- _What you are asked to do_: Below are the records. Retype exactly the lines between the lines holding "- apply: reduced_expr_cons; first by rewrite descent_next_swap" and "Lemma ringhomD x y : g (x + y) = g x + g y.", inclusive.

- _Records to process_:

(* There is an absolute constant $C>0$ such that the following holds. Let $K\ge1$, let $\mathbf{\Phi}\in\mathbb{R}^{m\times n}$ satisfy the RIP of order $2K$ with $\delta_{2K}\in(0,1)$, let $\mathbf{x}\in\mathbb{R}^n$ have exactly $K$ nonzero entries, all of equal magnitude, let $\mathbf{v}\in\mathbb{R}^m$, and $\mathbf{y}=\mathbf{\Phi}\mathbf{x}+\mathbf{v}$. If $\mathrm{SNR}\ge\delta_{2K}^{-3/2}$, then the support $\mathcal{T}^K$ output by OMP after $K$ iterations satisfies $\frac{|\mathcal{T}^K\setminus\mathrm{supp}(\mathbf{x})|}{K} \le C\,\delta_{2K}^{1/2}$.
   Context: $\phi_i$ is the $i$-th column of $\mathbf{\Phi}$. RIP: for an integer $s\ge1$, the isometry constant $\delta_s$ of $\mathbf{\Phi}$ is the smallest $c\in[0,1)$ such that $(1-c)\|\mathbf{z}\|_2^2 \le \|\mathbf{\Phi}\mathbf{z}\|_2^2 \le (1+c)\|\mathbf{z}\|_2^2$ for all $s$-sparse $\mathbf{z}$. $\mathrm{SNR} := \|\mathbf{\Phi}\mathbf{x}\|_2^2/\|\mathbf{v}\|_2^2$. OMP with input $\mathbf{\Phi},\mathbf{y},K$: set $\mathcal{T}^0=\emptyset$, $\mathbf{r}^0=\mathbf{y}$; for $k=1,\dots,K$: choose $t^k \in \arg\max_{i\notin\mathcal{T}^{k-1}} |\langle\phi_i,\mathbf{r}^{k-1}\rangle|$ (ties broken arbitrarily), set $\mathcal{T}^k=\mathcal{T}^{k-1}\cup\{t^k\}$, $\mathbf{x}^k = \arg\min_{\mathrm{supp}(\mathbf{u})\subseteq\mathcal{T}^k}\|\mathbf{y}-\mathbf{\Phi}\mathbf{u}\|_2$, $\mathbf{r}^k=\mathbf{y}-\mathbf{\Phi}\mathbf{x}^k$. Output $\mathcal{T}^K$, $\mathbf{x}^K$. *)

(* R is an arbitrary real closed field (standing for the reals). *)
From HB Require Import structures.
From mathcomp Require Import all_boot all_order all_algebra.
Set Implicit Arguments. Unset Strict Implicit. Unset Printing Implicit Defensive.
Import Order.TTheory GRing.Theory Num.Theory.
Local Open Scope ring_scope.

==

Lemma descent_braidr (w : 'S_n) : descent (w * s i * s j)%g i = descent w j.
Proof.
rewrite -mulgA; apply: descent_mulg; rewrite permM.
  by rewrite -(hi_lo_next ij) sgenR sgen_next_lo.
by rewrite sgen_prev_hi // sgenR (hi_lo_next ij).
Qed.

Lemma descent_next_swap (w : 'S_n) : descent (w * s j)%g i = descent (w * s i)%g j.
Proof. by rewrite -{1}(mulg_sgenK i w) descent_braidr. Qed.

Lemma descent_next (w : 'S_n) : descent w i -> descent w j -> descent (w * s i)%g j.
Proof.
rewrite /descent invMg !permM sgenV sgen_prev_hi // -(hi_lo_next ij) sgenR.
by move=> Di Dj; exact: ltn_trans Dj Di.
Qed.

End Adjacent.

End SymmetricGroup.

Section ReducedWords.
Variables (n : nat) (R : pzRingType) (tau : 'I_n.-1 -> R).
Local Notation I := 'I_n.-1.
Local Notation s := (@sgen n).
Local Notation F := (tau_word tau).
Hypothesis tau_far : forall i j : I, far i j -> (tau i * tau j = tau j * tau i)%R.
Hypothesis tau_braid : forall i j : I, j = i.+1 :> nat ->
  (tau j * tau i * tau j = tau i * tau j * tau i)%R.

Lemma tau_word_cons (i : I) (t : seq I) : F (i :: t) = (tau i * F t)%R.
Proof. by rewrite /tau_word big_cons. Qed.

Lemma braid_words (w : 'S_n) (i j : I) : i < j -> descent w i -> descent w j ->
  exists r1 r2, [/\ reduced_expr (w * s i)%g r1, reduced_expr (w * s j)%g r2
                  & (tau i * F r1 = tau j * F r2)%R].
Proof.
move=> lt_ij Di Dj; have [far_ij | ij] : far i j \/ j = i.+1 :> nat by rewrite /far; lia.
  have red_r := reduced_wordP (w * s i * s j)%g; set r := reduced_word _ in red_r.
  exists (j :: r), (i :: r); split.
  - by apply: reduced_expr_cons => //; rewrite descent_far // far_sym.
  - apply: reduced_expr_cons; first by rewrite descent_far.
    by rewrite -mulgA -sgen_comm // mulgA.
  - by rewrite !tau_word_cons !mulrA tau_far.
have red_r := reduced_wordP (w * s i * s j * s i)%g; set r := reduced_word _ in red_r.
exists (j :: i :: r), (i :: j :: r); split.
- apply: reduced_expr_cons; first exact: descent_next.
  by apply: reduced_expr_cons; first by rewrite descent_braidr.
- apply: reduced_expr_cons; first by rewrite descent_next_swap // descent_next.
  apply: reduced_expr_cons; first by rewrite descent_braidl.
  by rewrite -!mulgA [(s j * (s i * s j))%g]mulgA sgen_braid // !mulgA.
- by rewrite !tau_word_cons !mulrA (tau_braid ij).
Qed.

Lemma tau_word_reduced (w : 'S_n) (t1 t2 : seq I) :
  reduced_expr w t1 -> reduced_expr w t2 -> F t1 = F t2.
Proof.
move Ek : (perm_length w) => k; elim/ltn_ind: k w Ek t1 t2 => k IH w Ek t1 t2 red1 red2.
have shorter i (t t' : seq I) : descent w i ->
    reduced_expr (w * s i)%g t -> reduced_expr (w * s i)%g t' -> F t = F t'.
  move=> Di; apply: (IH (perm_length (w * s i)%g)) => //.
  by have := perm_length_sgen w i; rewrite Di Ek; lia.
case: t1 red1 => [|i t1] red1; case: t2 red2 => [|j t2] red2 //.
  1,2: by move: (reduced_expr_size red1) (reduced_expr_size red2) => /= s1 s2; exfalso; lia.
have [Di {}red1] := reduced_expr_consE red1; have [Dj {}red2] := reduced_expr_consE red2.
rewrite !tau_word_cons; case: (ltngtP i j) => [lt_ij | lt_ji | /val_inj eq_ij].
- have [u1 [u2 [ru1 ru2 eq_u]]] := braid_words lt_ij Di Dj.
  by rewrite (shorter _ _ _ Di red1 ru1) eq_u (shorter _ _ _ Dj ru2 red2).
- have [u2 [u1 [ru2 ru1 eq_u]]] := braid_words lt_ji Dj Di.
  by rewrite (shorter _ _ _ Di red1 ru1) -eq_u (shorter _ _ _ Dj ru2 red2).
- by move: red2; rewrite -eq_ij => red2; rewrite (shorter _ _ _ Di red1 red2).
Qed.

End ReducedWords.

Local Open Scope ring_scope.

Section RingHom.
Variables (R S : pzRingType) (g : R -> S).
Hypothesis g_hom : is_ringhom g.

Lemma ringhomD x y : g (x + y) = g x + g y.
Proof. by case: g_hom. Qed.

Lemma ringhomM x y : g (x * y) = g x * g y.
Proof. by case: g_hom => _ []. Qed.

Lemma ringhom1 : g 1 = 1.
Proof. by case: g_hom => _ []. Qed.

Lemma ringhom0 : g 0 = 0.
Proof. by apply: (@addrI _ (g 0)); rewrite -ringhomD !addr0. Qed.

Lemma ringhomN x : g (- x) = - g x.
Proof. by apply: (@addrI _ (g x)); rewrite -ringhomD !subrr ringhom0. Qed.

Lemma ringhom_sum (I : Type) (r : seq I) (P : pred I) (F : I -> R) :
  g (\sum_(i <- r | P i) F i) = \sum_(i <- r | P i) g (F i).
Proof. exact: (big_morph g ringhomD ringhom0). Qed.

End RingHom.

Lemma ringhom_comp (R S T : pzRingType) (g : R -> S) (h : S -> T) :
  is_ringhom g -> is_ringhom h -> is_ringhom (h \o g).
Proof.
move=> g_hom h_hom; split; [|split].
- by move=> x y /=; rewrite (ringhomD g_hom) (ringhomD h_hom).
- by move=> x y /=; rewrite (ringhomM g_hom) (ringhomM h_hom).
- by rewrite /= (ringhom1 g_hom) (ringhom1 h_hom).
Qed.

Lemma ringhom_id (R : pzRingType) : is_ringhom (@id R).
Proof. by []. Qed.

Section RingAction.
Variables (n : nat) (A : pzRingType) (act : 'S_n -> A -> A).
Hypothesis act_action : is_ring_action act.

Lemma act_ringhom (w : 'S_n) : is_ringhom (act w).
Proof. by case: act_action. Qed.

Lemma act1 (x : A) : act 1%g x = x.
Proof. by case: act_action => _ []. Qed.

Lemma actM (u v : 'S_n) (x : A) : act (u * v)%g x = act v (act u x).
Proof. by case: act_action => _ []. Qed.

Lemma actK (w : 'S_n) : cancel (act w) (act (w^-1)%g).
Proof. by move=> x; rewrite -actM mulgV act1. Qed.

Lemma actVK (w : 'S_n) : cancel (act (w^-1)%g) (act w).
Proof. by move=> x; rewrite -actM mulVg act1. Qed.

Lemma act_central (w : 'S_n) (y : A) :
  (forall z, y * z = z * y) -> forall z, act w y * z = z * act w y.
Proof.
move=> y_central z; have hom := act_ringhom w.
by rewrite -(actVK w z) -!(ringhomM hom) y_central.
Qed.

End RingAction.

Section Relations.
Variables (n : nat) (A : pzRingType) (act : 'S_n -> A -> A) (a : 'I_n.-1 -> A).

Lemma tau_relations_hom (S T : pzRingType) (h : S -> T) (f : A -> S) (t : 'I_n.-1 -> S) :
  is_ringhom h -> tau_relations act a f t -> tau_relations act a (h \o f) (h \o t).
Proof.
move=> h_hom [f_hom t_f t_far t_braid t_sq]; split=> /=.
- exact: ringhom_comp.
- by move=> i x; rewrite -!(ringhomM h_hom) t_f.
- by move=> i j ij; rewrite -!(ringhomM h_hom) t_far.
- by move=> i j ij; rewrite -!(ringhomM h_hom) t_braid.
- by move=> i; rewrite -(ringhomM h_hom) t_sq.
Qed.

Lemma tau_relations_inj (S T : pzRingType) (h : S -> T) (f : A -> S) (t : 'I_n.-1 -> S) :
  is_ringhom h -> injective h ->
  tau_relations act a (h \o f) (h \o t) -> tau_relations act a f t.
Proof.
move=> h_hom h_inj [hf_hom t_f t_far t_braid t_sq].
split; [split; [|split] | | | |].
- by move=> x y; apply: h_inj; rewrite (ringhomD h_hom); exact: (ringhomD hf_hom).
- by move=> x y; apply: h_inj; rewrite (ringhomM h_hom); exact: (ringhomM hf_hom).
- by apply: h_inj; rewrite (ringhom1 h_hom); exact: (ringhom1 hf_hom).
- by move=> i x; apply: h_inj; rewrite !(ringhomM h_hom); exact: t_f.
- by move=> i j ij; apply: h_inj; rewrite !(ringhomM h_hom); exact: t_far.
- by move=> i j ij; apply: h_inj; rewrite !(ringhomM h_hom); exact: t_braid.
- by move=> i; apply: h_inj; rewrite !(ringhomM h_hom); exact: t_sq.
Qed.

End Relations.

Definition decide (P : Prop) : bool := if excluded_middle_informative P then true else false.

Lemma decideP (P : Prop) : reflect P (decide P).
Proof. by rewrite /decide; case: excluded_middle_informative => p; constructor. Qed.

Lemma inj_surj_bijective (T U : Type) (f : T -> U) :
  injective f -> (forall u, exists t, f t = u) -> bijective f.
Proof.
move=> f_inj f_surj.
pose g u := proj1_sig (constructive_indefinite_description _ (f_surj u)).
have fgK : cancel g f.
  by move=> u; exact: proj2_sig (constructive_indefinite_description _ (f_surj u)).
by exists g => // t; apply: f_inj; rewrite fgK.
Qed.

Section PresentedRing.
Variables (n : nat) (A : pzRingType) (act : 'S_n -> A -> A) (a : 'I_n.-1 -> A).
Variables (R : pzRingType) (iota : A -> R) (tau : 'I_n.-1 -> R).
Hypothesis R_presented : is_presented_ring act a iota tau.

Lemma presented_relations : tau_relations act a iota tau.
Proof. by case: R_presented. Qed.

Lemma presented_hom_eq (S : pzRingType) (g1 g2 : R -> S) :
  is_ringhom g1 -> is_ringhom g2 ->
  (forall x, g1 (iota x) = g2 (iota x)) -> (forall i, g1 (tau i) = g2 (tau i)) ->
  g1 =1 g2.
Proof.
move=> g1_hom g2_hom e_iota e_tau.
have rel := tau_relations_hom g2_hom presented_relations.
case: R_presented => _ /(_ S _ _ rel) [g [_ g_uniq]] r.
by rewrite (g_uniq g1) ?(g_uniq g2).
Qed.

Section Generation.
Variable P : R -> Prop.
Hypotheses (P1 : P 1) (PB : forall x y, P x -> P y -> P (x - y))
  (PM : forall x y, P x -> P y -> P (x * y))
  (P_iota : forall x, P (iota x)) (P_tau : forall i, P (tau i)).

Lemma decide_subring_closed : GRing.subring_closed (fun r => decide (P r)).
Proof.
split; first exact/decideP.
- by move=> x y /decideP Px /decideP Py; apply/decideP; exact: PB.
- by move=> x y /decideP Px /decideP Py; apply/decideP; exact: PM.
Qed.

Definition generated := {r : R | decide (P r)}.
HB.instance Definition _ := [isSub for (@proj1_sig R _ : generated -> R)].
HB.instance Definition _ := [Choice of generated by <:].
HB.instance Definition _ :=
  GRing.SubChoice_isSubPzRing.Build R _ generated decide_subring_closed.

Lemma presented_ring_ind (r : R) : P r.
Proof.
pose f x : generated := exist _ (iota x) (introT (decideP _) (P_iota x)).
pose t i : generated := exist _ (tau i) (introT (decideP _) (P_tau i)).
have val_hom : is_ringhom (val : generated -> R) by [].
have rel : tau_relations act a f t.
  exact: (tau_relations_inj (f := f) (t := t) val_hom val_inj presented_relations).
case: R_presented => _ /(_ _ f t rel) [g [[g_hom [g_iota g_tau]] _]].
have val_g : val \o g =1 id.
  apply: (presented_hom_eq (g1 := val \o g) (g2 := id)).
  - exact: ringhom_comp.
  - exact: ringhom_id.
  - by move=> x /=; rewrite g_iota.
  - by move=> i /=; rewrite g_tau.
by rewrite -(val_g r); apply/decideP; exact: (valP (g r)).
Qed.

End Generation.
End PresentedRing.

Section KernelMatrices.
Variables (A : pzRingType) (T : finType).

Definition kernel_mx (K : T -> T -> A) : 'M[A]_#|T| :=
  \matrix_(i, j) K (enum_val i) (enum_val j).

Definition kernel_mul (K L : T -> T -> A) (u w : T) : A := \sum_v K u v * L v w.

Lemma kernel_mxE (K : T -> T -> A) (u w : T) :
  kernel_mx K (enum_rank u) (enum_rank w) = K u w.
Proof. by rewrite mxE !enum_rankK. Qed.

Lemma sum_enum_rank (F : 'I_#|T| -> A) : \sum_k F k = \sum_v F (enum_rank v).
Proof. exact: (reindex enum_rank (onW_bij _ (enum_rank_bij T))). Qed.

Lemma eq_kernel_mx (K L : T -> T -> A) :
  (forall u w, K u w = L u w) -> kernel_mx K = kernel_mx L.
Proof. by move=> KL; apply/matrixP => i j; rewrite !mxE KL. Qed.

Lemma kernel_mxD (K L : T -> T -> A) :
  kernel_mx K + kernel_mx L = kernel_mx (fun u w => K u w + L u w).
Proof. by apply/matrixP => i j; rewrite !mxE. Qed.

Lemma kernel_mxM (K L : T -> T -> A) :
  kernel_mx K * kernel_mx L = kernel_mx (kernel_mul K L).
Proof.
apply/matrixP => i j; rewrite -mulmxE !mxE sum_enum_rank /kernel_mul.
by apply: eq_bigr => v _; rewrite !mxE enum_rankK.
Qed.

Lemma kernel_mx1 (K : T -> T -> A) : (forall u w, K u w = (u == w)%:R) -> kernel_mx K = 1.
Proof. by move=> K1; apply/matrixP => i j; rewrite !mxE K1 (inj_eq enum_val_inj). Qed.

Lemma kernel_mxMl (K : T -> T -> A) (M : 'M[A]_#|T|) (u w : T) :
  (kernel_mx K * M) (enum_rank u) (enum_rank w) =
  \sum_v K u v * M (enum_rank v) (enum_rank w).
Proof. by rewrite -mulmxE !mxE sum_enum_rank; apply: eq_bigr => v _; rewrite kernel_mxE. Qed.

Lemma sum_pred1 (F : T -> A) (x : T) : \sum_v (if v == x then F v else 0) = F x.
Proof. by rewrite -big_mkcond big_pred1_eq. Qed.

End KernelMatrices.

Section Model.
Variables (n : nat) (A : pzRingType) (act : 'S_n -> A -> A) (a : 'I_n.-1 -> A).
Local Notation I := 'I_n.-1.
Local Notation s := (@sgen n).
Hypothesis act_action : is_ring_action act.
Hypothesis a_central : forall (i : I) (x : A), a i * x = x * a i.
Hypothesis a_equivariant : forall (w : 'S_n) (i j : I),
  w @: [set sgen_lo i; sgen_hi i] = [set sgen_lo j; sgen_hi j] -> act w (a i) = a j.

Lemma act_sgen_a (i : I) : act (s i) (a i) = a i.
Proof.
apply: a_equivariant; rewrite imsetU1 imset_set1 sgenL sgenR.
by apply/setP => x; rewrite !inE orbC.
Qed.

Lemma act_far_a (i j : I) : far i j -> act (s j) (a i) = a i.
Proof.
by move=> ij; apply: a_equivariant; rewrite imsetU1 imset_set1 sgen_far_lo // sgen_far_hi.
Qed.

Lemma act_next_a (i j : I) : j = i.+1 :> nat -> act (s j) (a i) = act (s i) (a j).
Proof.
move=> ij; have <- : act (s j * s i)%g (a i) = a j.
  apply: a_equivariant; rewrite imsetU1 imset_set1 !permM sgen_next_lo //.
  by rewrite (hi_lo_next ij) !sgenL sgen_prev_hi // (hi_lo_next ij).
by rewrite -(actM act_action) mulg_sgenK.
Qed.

- _Result of this task_:
- apply: reduced_expr_cons; first by rewrite descent_next_swap // descent_next.
  apply: reduced_expr_cons; first by rewrite descent_braidl.
  by rewrite -!mulgA [(s j * (s i * s j))%g]mulgA sgen_braid // !mulgA.
- by rewrite !tau_word_cons !mulrA (tau_braid ij).
Qed.

Lemma tau_word_reduced (w : 'S_n) (t1 t2 : seq I) :
  reduced_expr w t1 -> reduced_expr w t2 -> F t1 = F t2.
Proof.
move Ek : (perm_length w) => k; elim/ltn_ind: k w Ek t1 t2 => k IH w Ek t1 t2 red1 red2.
have shorter i (t t' : seq I) : descent w i ->
    reduced_expr (w * s i)%g t -> reduced_expr (w * s i)%g t' -> F t = F t'.
  move=> Di; apply: (IH (perm_length (w * s i)%g)) => //.
  by have := perm_length_sgen w i; rewrite Di Ek; lia.
case: t1 red1 => [|i t1] red1; case: t2 red2 => [|j t2] red2 //.
  1,2: by move: (reduced_expr_size red1) (reduced_expr_size red2) => /= s1 s2; exfalso; lia.
have [Di {}red1] := reduced_expr_consE red1; have [Dj {}red2] := reduced_expr_consE red2.
rewrite !tau_word_cons; case: (ltngtP i j) => [lt_ij | lt_ji | /val_inj eq_ij].
- have [u1 [u2 [ru1 ru2 eq_u]]] := braid_words lt_ij Di Dj.
  by rewrite (shorter _ _ _ Di red1 ru1) eq_u (shorter _ _ _ Dj ru2 red2).
- have [u2 [u1 [ru2 ru1 eq_u]]] := braid_words lt_ji Dj Di.
  by rewrite (shorter _ _ _ Di red1 ru1) -eq_u (shorter _ _ _ Dj ru2 red2).
- by move: red2; rewrite -eq_ij => red2; rewrite (shorter _ _ _ Di red1 red2).
Qed.

End ReducedWords.

Local Open Scope ring_scope.

Section RingHom.
Variables (R S : pzRingType) (g : R -> S).
Hypothesis g_hom : is_ringhom g.

Lemma ringhomD x y : g (x + y) = g x + g y.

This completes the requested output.